Analysis Overview
Even after the basic needs for an encoding, keyboard, and font are met, people understandably want more. They want to be able to do things with their text. There are a number of processes which fall under the label analysis. The purpose of this article is to introduce these various processes and some of the terms used in describing them.
Searching
Computers are great at searching mounds of data. The core activity in searching is the comparison of two strings as to whether they are equal or not. The simplest approach to this is simply to do a binary comparison of the two strings, but that will often miss many good matches. The issues involved in searching include:
- Canonical equivalence where two different strings are required to be considered equal, according to The Unicode Standard.
- Foldings where different characters are considered equal. For example, a caseless search where lower and uppercase are considered equal to each other.
- Ignored characters such as ZWNJ or ZWSP or even spaces. This is where certain characters may occur anywhere in the string but should be ignored for comparison.
In addition to simple string comparison, there are more sophisticated comparison techniques such as regular expressions. Many modern regular expression languages have good integration with Unicode allowing access to classes of characters based on Unicode properties.
Difficulties in comparison occur when two strings that should be considered equal are not. This may be due to weaknesses in the encoding design where two different strings look valid and the same and so people enter the same text in different ways. Either the string comparison has to be aware of that or the encoding has to be improved to ensure the same text is stored the same way.
Collation
Just as searching resolves down to comparing two strings, sorting resolves down to collating two strings; that is to say, which of two strings is sorted earlier and which later.
The modern Unicode Collation Algorithm consists of giving each character (or group of characters) one or more collation keys. A collation key consists of a primary, secondary, and tertiary order. Strings are then compared at the primary order and if there is a difference, then that gives the result. If there is not then the strings are compared with their secondary orders and if necessary tertiary orders. Unicode has a Default Unicode Collation Element Table (DUCET) that has a set of default keys covering every character in Unicode. This default ordering is pretty good, but languages often want some difference from that. For this, a language can provide a tailoring of the default collation order. There is a standard syntax for describing this, based on the ICU library, and applications can make use of that.
Segmentation
There are a number of contexts in which text needs to be broken into substrings. For example, when double-clicking to select a word, or when breaking lines. Breaking only on spaces is insufficient.

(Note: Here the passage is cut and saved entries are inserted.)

(** * Definability *)

Lemma exists_irredundant_sub (T : {set pair}) : gteam Ran T ->
  exists2 X : {set pair}, X \subset T & irredundant X /\ simteam X T.
Proof.
move=> /gteamP sT.
pose X := [set q in T | [forall q' in T, simstate q' q ==> (enum_rank q <= enum_rank q')]].
have sX : X \subset T by apply/subsetP => q /setIdP[].
exists X => //; split.
  move=> x x' /setIdP[xT /forall_inP hx] /setIdP[x'T /forall_inP hx'] m.
  apply/enum_rank_inj/val_inj/eqP; rewrite eqn_leq.
  by rewrite (implyP (hx' x xT)) // (implyP (hx x' x'T)) // simstate_sym.
split=> [x /(subsetP sX) xT|q qT]; first by exists x => //; exact/simstate_refl/sT.
pose P := [pred i | (i \in T) && simstate i q].
have Pq : P q by rewrite /= qT simstate_refl // sT.
have [x /andP[xT m] xmin] := arg_minnP (fun i => val (enum_rank i)) Pq.
exists x => //; rewrite inE xT; apply/forall_inP => q' q'T; apply/implyP => m'.
by apply: xmin; rewrite /= q'T (simstate_trans m' m).
Qed.

Section Definability.
Variable K : {set pair} -> Prop.
Hypotheses (Kd : g_downward K) (Ke : g_eqclosed Ran K) (Kn : exists T, K T).

Lemma K_set0 : K set0.
Proof. by case: Kn => T KT; apply: Kd KT (sub0set _). Qed.

Lemma K_simteam T S : K T -> gteam Ran T -> gteam Ran S -> simteam T S -> K S.
Proof. by move=> KT gT gS sm; apply: Ke KT gS (proj2 (geqv_simteam gT gS) sm). Qed.

Lemma K_covered T S : K T -> gteam Ran T -> gteam Ran S ->
  {in S, forall q, exists2 p, p \in T & simstate p q} -> K S.
Proof.
move=> KT gT gS cov; have sub := sim_part_sub S T.
apply: K_simteam (Kd KT sub) (gteam_sub gT sub) gS _; apply/simteam_sym/simteam_sim_part.
by move=> q /cov[p pT m]; exists p => //; exact: simstate_sym.
Qed.

Definition cod_fml : fml := fAnds [seq avoid_fml X | X <- enum {set pair} &
  `[< gteam Ran X /\ irredundant X /\ X != set0 /\ ~ K X >]].

Lemma isCOD_cod_fml : isCOD cod_fml.
Proof. by rewrite isCOD_fAnds all_map; apply/allP => X _; apply: isCOD_avoid_fml. Qed.

Lemma wff_cod_fml : wff Ran cod_fml.
Proof.
rewrite wff_fAnds all_map; apply/allP => X.
by rewrite mem_filter => /andP[/asboolP[gX _] _]; apply: wff_avoid_fml.
Qed.

Lemma sat_cod_fml T : gteam Ran T -> K T <-> sat_g cod_fml T.
Proof.
move=> gT; have /gteamP sT := gT; rewrite sat_fAnds; split=> [KT X|H].
  rewrite mem_filter => /andP[/asboolP[gX [rX [nX nKX]]] _].
  apply: sat_avoid_fml_of_missing => // cov; apply: nKX.
  by apply: K_covered KT gT gX _ => x /cov[q qT /simstate_sym]; exists q.
(* Otherwise a set of representatives of T is an irredundant team outside K
   all of whose classes T meets. *)
apply: contrapT => nKT; have [X sXT [rX simXT]] := exists_irredundant_sub gT.
have gX := gteam_sub gT sXT.
have nX : X != set0.
  apply/eqP => X0; apply: nKT.
  by apply: (K_simteam K_set0 (gteam_sub gT (sub0set _)) gT); rewrite -X0.
have /H : X \in [seq X <- enum {set pair} |
    `[< gteam Ran X /\ irredundant X /\ X != set0 /\ ~ K X >]].
  rewrite mem_filter mem_enum andbT; apply/asboolP.
  split; [exact: gX|split; [exact: rX|split; [exact: nX|]]].
  by move=> KX; apply/nKT/(K_simteam KX gX gT simXT).
move/sat_avoid_fml_missing; apply=> // x xX; exists x; first exact: (subsetP sXT).
by apply: simstate_refl; apply/sT/(subsetP sXT).
Qed.

Definition cosq_fml : fml :=
  fGOrs [seq states_fml T | T <- enum {set pair} & `[< K T /\ gteam Ran T >]].

Lemma isCOsq_cosq_fml : isCOsq cosq_fml.
Proof.
rewrite isCOsq_fGOrs all_map; apply/allP => T _.
exact/isCO_COsq/isCO_states_fml.
Qed.

Lemma wff_cosq_fml : wff Ran cosq_fml.
Proof.
rewrite wff_fGOrs all_map; apply/allP => T.
by rewrite mem_filter => /andP[/asboolP[_ gT] _]; apply: wff_states_fml.
Qed.

Lemma sat_cosq_fml S : gteam Ran S -> K S <-> sat_g cosq_fml S.
Proof.
move=> gS; have /gteamP sS := gS; rewrite sat_fGOrs; split=> [KS|[->|[T]]].
- right; exists S; first by rewrite mem_filter mem_enum andbT; apply/asboolP.
  by apply/sat_states_fml => // q qS; exists q => //; exact/simstate_refl/sS.
- exact: K_set0.
- rewrite mem_filter => /andP[/asboolP[KT gT] _] /(sat_states_fml gT gS).
  exact: K_covered.
Qed.

End Definability.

When double-clicking, does one include the initial quotation marks or final period? There are also many languages that do not have interword spaces. How do we decide where to break a line? See Line Breaking for more details.

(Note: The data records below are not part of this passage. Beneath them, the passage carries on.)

Lemma mulW_conj_invol (x y : WW) : mulW x x = oneW n -> mulW y y = oneW n ->
  mulW (mulW x (mulW y x)) (mulW x (mulW y x)) = oneW n.
Proof.
by move=> Hx Hy; rewrite !mulWA -(mulWA x x) Hx mul1W -(mulWA y y) Hy mul1W.
Qed.

Lemma sigma_hom (i j : T) : is_hom (sigma i j).
Proof.
apply: extW_hom => z; case: (z == j); last exact: sWK.
by apply: mulW_conj_invol; apply: sWK.
Qed.

Lemma sigma_sW (i j z : T) :
  sigma i j (sW z) = if z == j then mulW (sW i) (mulW (sW j) (sW i)) else sW z.
Proof. exact: extW_sW. Qed.

Lemma sigmaK (i j : T) : i != j -> cancel (sigma i j) (sigma i j).
Proof.
move=> Hij w; apply: (@eq_hom _ (sigma i j \o sigma i j) id) => //.
  by apply: comp_hom; apply: sigma_hom.
move=> z /=; rewrite sigma_sW; case: eqP => [->|Hz]; last by rewrite sigma_sW; case: eqP.
by rewrite !sigma_hom !sigma_sW (negbTE Hij) eqxx !mulWA sWK mulW1 -mulWA sWK mul1W.
Qed.

Lemma sigma_aut (i j : T) : i != j -> is_aut (sigma i j).
Proof. by move=> Hij; split; [apply: sigma_hom | exists (sigma i j); apply: sigmaK]. Qed.

Lemma alpha_hom (p : {perm T}) : is_hom (alpha p).
Proof. by apply: extW_hom => z; apply: sWK. Qed.

Lemma alpha_sW (p : {perm T}) z : alpha p (sW z) = sW (p z).
Proof. exact: extW_sW. Qed.

Lemma alphaM (p q : {perm T}) : alpha p \o alpha q =1 alpha (q * p).
Proof.
apply: eq_hom; [apply: comp_hom; apply: alpha_hom | apply: alpha_hom |].
by move=> z /=; rewrite !alpha_sW permM.
Qed.

Lemma alpha1 : alpha (1 : {perm T}) =1 id.
Proof. by apply: eq_hom => //; [apply: alpha_hom | move=> z; rewrite alpha_sW perm1]. Qed.

Lemma alphaK (p : {perm T}) : cancel (alpha p) (alpha p^-1).
Proof. by move=> w; rewrite -[_ (_ w)]/((_ \o _) w) alphaM mulgV alpha1. Qed.

Lemma alphaKV (p : {perm T}) : cancel (alpha p^-1) (alpha p).
Proof. by move=> w; rewrite -[_ (_ w)]/((_ \o _) w) alphaM mulVg alpha1. Qed.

Unicode specifies algorithms for breaking text into words, lines, sentences, and even into grapheme clusters. A grapheme cluster is used to find which characters occur between one cursor position and the next. A cursor is always considered to move forward in the text and to only change direction when the bidirectionality of the text changes.
Spell checking
Spell checking involves looking up words in a language in a lexicon. A lexicon is a list of possible words in a language, which is much like a dictionary but with just the head words and no description. Unfortunately, getting from the surface form of a word to its components in the lexicon can be far from trivial. In fact, writing a spell checker was once considered one of the hardest problems to solve in computing. Agglutinating languages can express whole sentences in a single word and scripts without marked word breaks can have ‘words’ that are longer than a line of text.
A common open source library to help with spell checking is hunspell
Cross script conversion
Many languages are written in more than one script. For example, a language that spans a national border, where the two nations use different scripts for their national language, can mean that speakers of the language in each country will want or need to use a different script. People do not want to have to retype their text just to change the script it is in. Writing a computer tool to do the conversion is far preferable. The basis for writing such tools is a description of the orthographies in each of the scripts. In some cases a script conversion tool can be used for many languages that use both scripts. In other cases a converter has to be created for each language.
OCR
Optical Character Recognition is a process whereby a computer ‘reads’ the text in an image. There are numerous non-language specific issues in doing OCR well. At the language level OCR is a kind of input method that is very visually based. It types what it sees with no knowledge of the underlying structure of the text. For most scripts this is not an issue, but some scripts may need their encoding adjusted to support a visual based input.
Large Language Models
Linguistic computing is currently undergoing something of a revolution as some long standing difficult problems are starting to fall at the feet of large language models. These include problems like converting text to audible speech or the reverse: speech to text. Machine translation is also a task that LLMs help with. Given we are at the start of such a revolution, the support is particularly weak for what are classed as digitally disadvantaged languages and is highly application-specific. This means that the general principles of description and sharing between applications are yet to be worked out. This does not, though, reduce the demand and expectation of users of languages that they not be left behind.